The Classical View and Why It Broke Down
Traditional learning theory frames generalization through the lens of VC dimension and Rademacher complexity. The core idea is that a hypothesis class with high capacity can shatter arbitrary labels, so its generalization gap — the difference between training and test error — grows with model complexity. The prescription is simple: keep your model small, or explicitly regularize.
This framework worked well for SVMs, decision trees, and shallow neural networks. Then practitioners started training ResNets, Transformers, and GPT-class models — all wildly overparameterized — and observed that these models, despite fitting training data perfectly, generalized to held-out data with remarkable accuracy. Classical theory predicted catastrophe. Reality delivered state-of-the-art performance.

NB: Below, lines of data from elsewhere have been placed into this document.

Lemma subadditive_ratio_le p n : (1 <= p)%nat -> (1 <= n)%nat ->
  (INR (a n) / INR n <= INR (a p) / INR p + INR (a 0 + p * a 1) / INR n)%R.
Proof.
  intros Hp Hn.
  set (q := (n / p)%nat). set (r := (n mod p)%nat).
  assert (Hdm : n = (q * p + r)%nat).
  { unfold q, r. rewrite Nat.mul_comm. apply Nat.div_mod. lia. }
  assert (Hr : (r < p)%nat) by (apply Nat.mod_upper_bound; lia).
  assert (Hnat : (a n <= q * a p + (a 0 + p * a 1))%nat).
  { rewrite Hdm. pose proof (subadditive_mul_add_le p q r).
    pose proof (subadditive_le_linear r).
    assert (r * a 1 <= p * a 1)%nat by (apply Nat.mul_le_mono_r; lia). lia. }
  assert (Hqp : (q * p <= n)%nat) by lia.
  apply le_INR in Hnat, Hqp. rewrite plus_INR, mult_INR in Hnat. rewrite mult_INR in Hqp.
  set (M := INR (a 0 + p * a 1)) in *.
  assert (Hp0 : (0 < INR p)%R) by (apply lt_0_INR; lia).
  assert (Hn0 : (0 < INR n)%R) by (apply lt_0_INR; lia).
  assert (Hap := pos_INR (a p)).
  assert (Hqap : (INR q * INR (a p) <= INR n * (INR (a p) / INR p))%R).
  { apply (Rmult_le_reg_r (INR p)); auto.
    replace (INR n * (INR (a p) / INR p) * INR p)%R with (INR n * INR (a p))%R
      by (field; lra).
    nra. }
  apply (Rmult_le_reg_r (INR n)); auto.
  replace ((INR (a p) / INR p + M / INR n) * INR n)%R
    with (INR n * (INR (a p) / INR p) + M)%R by (field; lra).
  replace (INR (a n) / INR n * INR n)%R with (INR (a n)) by (field; lra).
  lra.
Qed.

End Fekete.

Lemma seq_inf_exists (u : nat -> R) (b : R) : (forall n, (b <= u n)%R) ->
  exists l, (forall n, (l <= u n)%R) /\
            forall e, (0 < e)%R -> exists p, (u p < l + e)%R.
Proof.
  intro Hb.
  set (E := fun x : R => exists n, x = (- u n)%R).
  destruct (completeness E) as [m [Hub Hlub]].
  - exists (- b)%R. intros x [n ->]. specialize (Hb n). lra.
  - exists (- u 0%nat)%R, 0%nat. reflexivity.
  - exists (- m)%R. split.
    + intro n. specialize (Hub _ (ex_intro _ n eq_refl)). lra.
    + intros e He. apply NNPP. intro Hno.
      assert (m <= m - e)%R; [|lra].
      apply Hlub. intros x [n ->].
      destruct (Rlt_or_le (u n) (- m + e)) as [Hlt | Hge]; [exfalso; eauto | lra].
Qed.

Lemma Un_cv_const_div_INR (C : R) : Un_cv (fun n => C / INR n)%R 0%R.
Proof.
  intros eps Heps.
  assert (HC := Rabs_pos C).
  destruct (archimed_cor1 (eps / (Rabs C + 1)))%R as [N [HN1 HN2]].
  { apply Rdiv_lt_0_compat; lra. }
  exists N. intros n Hn. unfold R_dist. rewrite Rminus_0_r.
  assert (HNn : (INR N <= INR n)%R) by (apply le_INR; lia).
  assert (Hn0 : (0 < INR n)%R) by (apply lt_0_INR; lia).
  unfold Rdiv. rewrite Rabs_mult, Rabs_inv, (Rabs_right (INR n)) by lra.
  assert (Hinv : (/ INR n <= / INR N)%R) by (apply Rinv_le_contravar; auto; apply lt_0_INR; lia).
  assert (eps / (Rabs C + 1) * (Rabs C + 1) = eps)%R by (field; lra).
  assert (0 < / INR n)%R by (apply Rinv_0_lt_compat; auto).
  nra.
Qed.

Theorem fekete (a : nat -> nat) (Ha : forall n k, a (n + k) <= a n + a k) :
  exists l, Un_cv (fun n => INR (a n) / INR n)%R l.
Proof.
  destruct (seq_inf_exists (fun n => INR (a (S n)) / INR (S n))%R 0%R) as [l [Hlow Happrox]].
  { intro n. apply Rle_mult_inv_pos; [apply pos_INR | apply lt_0_INR; lia]. }
  exists l. intros eps Heps.
  destruct (Happrox (eps / 2)%R) as [p Hp]; [lra|].
  destruct (Un_cv_const_div_INR (INR (a 0 + S p * a 1)) (eps / 2)%R) as [N HN]; [lra|].
  exists (max N 1). intros n Hn.
  specialize (HN n ltac:(lia)). unfold R_dist in HN |- *.
  rewrite Rminus_0_r, Rabs_right in HN
    by (apply Rle_ge, Rle_mult_inv_pos; [apply pos_INR | apply lt_0_INR; lia]).
  assert (Hup := subadditive_ratio_le a Ha (S p) n ltac:(lia) ltac:(lia)).
  specialize (Hlow (pred n)). replace (S (pred n)) with n in Hlow by lia.
  rewrite Rabs_right; lra.
Qed.

Lemma Un_cv_INR_add_div (b : nat -> nat) (c : nat) (l : R) :
  Un_cv (fun n => INR (b n + c) / INR n)%R l -> Un_cv (fun n => INR (b n) / INR n)%R l.
Proof.
  intro Hcv. rewrite <- (Rminus_0_r l).
  apply (Un_cv_ext (fun n => INR (b n + c) / INR n - INR c / INR n)%R).
  - intro n. rewrite plus_INR. unfold Rdiv. ring.
  - apply CV_minus; auto. apply Un_cv_const_div_INR.
Qed.

Theorem lemma5p11 (G : Group) (N : G -> Prop) (HN : normal_subgroup G N)
  (xs : list G) (Hm : xs <> nil) (HxN : Forall N xs)
  (Hprod : in_GN G N (gprod G xs)) :
  let a := fun n : nat =>
    (cl_sum G N (map (fun x => gpow G x n) xs) + (length xs - 1))%nat in
  (forall n k : nat, (a (n + k) <= a n + a k)%nat) /\
  exists l : R,
    Un_cv (fun n : nat => INR (cl_sum G N (map (fun x => gpow G x n) xs)) / INR n)%R l.
Proof.
  intro a. destruct xs as [|x1 xr]; [contradiction|].
  assert (Hsub : forall n k, a (n + k) <= a n + a k).
  { intros n k. unfold a. replace (length (x1 :: xr) - 1) with (length xr) by (simpl; lia).
    exact (cl_sum_gpows_subadditive G N HN x1 xr HxN Hprod n k). }
  split; [exact Hsub|].
  destruct (fekete a Hsub) as [l Hl].
  exists l. exact (Un_cv_INR_add_div _ _ l Hl).
Qed.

The phenomenon was formalized by Belkin et al. (2019) through the concept of the double descent curve. As model complexity increases, test error first follows the classical U-shaped bias-variance curve, peaks at the interpolation threshold (where the model just barely fits training data), and then — counterintuitively — decreases as the model becomes increasingly overparameterized. This is not a quirk. It is a fundamental property of modern ML systems.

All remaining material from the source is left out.